(* Let $n_h\ge1$, $n_o\ge 2$, $n=n_o+n_h-1$, and let $A^{m(n)T}$, $G^{m(n)}$, $B^{m(n)T}$ be the modified Toom-Cook matrices built from $A^{(n-1)T}$, $G^{(n-1)}$, $B^{(n-1)T}$ as in the context. For $h\in F^{n_h}$, $x\in F^n$ let $s^{m(n)}=A^{m(n)T}(G^{m(n)}h\odot B^{m(n)T}x)$ be the exact value, $\hat s^{m(n)}$ the floating point value computed as in the context, and $x^{(n-1)}=(x_1,\dots,x_{n-1})^T$. Then for $q=1,\dots,n_o-1$, $$|\hat s^{m(n)}_q-s^{m(n)}_q|\le |A^{(n-1)T}_{q,:}|\big(|G^{(n-1)}|\,|h|\odot|B^{(n-1)T}|\,|x^{(n-1)}|\big)\big(\gamma^{(n_h)}+\beta^{(n-1)}+\alpha^{(n-1)}+1\big)\varepsilon+O(\varepsilon^2),$$ and for $q=n_o$, $$|\hat s^{m(n)}_{n_o}-s^{m(n)}_{n_o}|\le\Big(|A^{(n-1)T}_{n_o,:}|\big(|G^{(n-1)}|\,|h|\odot|B^{(n-1)T}|\,|x^{(n-1)}|\big)+|h_{n_h}|\,|B^{m(n)T}_{n,:}|\,|x|\Big)\Big(\max\{\gamma^{(n_h)}+\beta^{(n-1)}+\alpha^{(n-1)}+1,\ \beta^{(n)}+1\}+1\Big)\varepsilon+O(\varepsilon^2).$$
   Context: Let $p_1,\dots,p_{n-1}$ be distinct reals, $N_i=1/\prod_{j\ne i,\,j\le n-1}(p_i-p_j)$, $M_{i,j}$ the coefficient of $a^{j-1}$ in $\prod_{k\ne i,\,k\le n-1}(a-p_k)$, and $M_j$ ($j=1,\dots,n$) the coefficient of $a^{j-1}$ in $\prod_{k=1}^{n-1}(a-p_k)$ (so $M_n=1$). Define $A^{(n-1)T}\in\mathbb{R}^{n_o\times(n-1)}$ by $A^{(n-1)T}_{i,j}=p_j^{i-1}$, $G^{(n-1)}\in\mathbb{R}^{(n-1)\times n_h}$ by $G^{(n-1)}_{i,j}=p_i^{j-1}N_i$, $B^{(n-1)T}\in\mathbb{R}^{(n-1)\times(n-1)}$ by $B^{(n-1)T}_{i,j}=M_{j,i}$. The modified matrices are: $G^{m(n)}\in\mathbb{R}^{n\times n_h}$ equals $G^{(n-1)}$ with an appended last row $(0,\dots,0,1)$; $A^{m(n)T}\in\mathbb{R}^{n_o\times n}$ equals $A^{(n-1)T}$ with an appended last column $(0,\dots,0,1)^T$; $B^{m(n)T}\in\mathbb{R}^{n\times n}$ has upper-left block $B^{(n-1)T}$, last column zero in rows $1,\dots,n-1$, and last row $(M_1,\dots,M_n)$. $M_{q,:}$ denotes row $q$ of a matrix $M$. Floating point model: set $F$, unit roundoff $\varepsilon$, no overflow, $fl(y\,\mathrm{op}\,z)=(y\,\mathrm{op}\,z)(1+\delta)$, $fl(y)=y(1+\delta)$, $|\delta|\le\varepsilon$; matrix entries stored rounded. Computation: $u=fl(fl(G^{(n-1)})h)$, $v=fl(fl(B^{(n-1)T})x^{(n-1)})$, $w_i=fl(u_iv_i)$ ($i\le n-1$); for $q<n_o$, $\hat s^{m(n)}_q=fl(fl(A^{(n-1)T}_{q,:})w)$; for $q=n_o$, $\hat s^{m(n)}_{n_o}=fl\big(fl(fl(A^{(n-1)T}_{n_o,:})w)+fl(h_{n_h}\,fl(fl(B^{m(n)T}_{n,:})x))\big)$ (structural zeros and ones are not multiplied). Constants: $\gamma^{(n_h)}$, $\beta^{(n-1)}$, $\alpha^{(n-1)}$, $\beta^{(n)}$ are such that for every row $a^T$ of $G^{(n-1)}$, of $B^{(n-1)T}$, of $A^{(n-1)T}$, and for the row $B^{m(n)T}_{n,:}$ respectively, and every floating point vector $y$ of matching length, $|a^Ty-fl(fl(a^T)y)|\le |a^T||y|\,c\,\varepsilon+O(\varepsilon^2)$ with the respective $c$. $|\cdot|$ is entrywise absolute value, $\odot$ the Hadamard product. *)

From HB Require Import structures.
From mathcomp Require Import all_boot all_order all_algebra.
Set Implicit Arguments. Unset Strict Implicit. Unset Printing Implicit Defensive.
Import Order.TTheory GRing.Theory Num.Theory.
Local Open Scope ring_scope.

....

(Work order):
If a line in the material above contains the word "Import", copy it.

(Finished task):
From HB Require Import structures.
From mathcomp Require Import all_boot all_order all_algebra.
Import Order.TTheory GRing.Theory Num.Theory.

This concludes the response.